Below are some records. Copy every line in them that holds "only".

*** Opening of Provided information ***

(* Let $(\mathcal{C},\mathcal{B},Q,S)$ be an STV election, counted by the procedure described in the context, and let $w\neq l$ be candidates. If $L_{\mathrm{basic}}(w)>U_{\mathrm{comp}}(l,w)$ (the assertion $\mathsf{AG}(w,l)$), then $l$ cannot be seated when $w$ is not seated.
   Context: An STV election is a tuple $(\mathcal{C},\mathcal{B},Q,S)$ where $\mathcal{C}$ is a finite set of candidates, $\mathcal{B}$ is a multiset of ballots (each ballot is a finite sequence of distinct candidates, in order of preference, most preferred first, not necessarily containing all candidates), $S$ is the number of seats, and $Q=\lfloor |\mathcal{B}|/(S+1)\rfloor+1$ is the quota. For a sequence $\pi$, $\mathrm{first}(\pi)$ is its first element, and for a set $X$ of candidates, $\sigma_X(\pi)$ is the subsequence of $\pi$ consisting of the elements of $X$, in their original order. Counting: every ballot starts with value $1$ and is placed in the pile of its first-ranked candidate; a candidate's tally is the total value of the ballots in its pile. A candidate is eligible if neither eliminated nor seated. In each round every eligible candidate with tally at least $Q$ is seated (gets a quota), and the ballots in its pile get a reduced transfer value (e.g. unweighted Gregory: $(V_c-Q)/|\mathcal{B}_c|$, with $V_c$ the total value and $|\mathcal{B}_c|$ the number of ballots in its pile) and move to the next-ranked eligible candidate on each ballot (or are exhausted). If no candidate reaches a quota, the eligible candidate with smallest tally is eliminated and its ballots move at their current value to their next-ranked eligible candidate (or are exhausted). Counting stops when all $S$ seats are filled or the number of eligible candidates equals the number of unfilled seats, in which case all remaining eligible candidates are seated. ''Seated'' covers both ways of obtaining a seat. Definitions: $L_{\mathrm{basic}}(c)=|\{\beta\in\mathcal{B}:\mathrm{first}(\beta)=c\}|$; $U_{\mathrm{comp}}(c,c')=|\{\beta\in\mathcal{B}:\mathrm{first}(\sigma_{\{c,c'\}}(\beta))=c\}|$, counted with multiplicity. *)

From HB Require Import structures.
From mathcomp Require Import all_boot all_order all_algebra.
Set Implicit Arguments. Unset Strict Implicit. Unset Printing Implicit Defensive.
Import Order.TTheory GRing.Theory Num.Theory.

(* A ballot is a sequence of candidates (required distinct in the theorem);
   the multiset of ballots is a seq of ballots (multiplicity = repetition). *)
Definition ballot (C : finType) := seq C.

(* State of the count: seated set, eliminated set, and, for each ballot
   (parallel to the ballot list), its current pile (None = exhausted)
   and its current value. *)
Record stv_state (C : finType) := STVState {
  seated : {set C};
  elim   : {set C};
  piles  : seq (option C * rat) }.

Definition eligible (C : finType) (st : stv_state C) : {set C} :=
  ~: (seated st :|: elim st).

Definition quota (C : finType) (B : seq (ballot C)) (S : nat) : nat :=
  (size B %/ S.+1).+1.

Definition tally (C : finType) (st : stv_state C) (c : C) : rat :=
  (\sum_(p <- piles st | p.1 == Some c) p.2)%R.

Definition pile_size (C : finType) (st : stv_state C) (c : C) : nat :=
  count (fun p : option C * rat => p.1 == Some c) (piles st).

Definition next_cand (C : finType) (b : ballot C) (c : C) (E : {set C})
  : option C :=
  ohead [seq x <- drop (index c b).+1 b | x \in E].

Definition initial_state (C : finType) (B : seq (ballot C)) : stv_state C :=
  STVState set0 set0 [seq (ohead b, 1%R : rat) | b <- B].

Definition quota_set (C : finType) (B : seq (ballot C)) (S : nat)
  (st : stv_state C) : {set C} :=
  [set c in eligible st | ((quota B S)%:R <= tally st c)%R].

(* seating round, unweighted Gregory transfer value (V_c - Q)/|B_c| *)
Definition seat_round (C : finType) (B : seq (ballot C)) (S : nat)
  (st : stv_state C) : stv_state C :=
  let W := quota_set B S st in
  let E' := eligible st :\: W in
  STVState (seated st :|: W) (elim st)
    [seq match bp.2.1 with
         | Some c =>
             if c \in W then
               (next_cand bp.1 c E',
                ((tally st c - (quota B S)%:R) / (pile_size st c)%:R)%R)
             else bp.2
         | None => bp.2
         end
    | bp <- zip B (piles st)].

Definition elim_round (C : finType) (B : seq (ballot C))
  (st : stv_state C) (e : C) : stv_state C :=
  let E' := eligible st :\ e in
  STVState (seated st) (e |: elim st)
    [seq match bp.2.1 with
         | Some c => if c == e then (next_cand bp.1 c E', bp.2.2) else bp.2
         | None => bp.2
         end
    | bp <- zip B (piles st)].

(* One step of the count (nondeterministic only in the choice among
   eligible candidates of smallest tally). The count continues only while
   fewer than S seats are filled. *)
Inductive stv_step (C : finType) (B : seq (ballot C)) (S : nat)
  : stv_state C -> stv_state C -> Prop :=
| StepFinal st :
    #|seated st| < S ->
    #|eligible st| = S - #|seated st| ->
    stv_step B S st (STVState (seated st :|: eligible st) (elim st) (piles st))
| StepSeat st :
    #|seated st| < S ->
    #|eligible st| <> S - #|seated st| ->
    quota_set B S st != set0 ->
    stv_step B S st (seat_round B S st)
| StepElim st e :
    #|seated st| < S ->
    #|eligible st| <> S - #|seated st| ->
    quota_set B S st = set0 ->
    e \in eligible st ->
    (forall c, c \in eligible st -> (tally st e <= tally st c)%R) ->
    stv_step B S st (elim_round B st e).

*** Close of Provided information ***

▶ _Solution for this task_:
(* One step of the count (nondeterministic only in the choice among
   eligible candidates of smallest tally). The count continues only while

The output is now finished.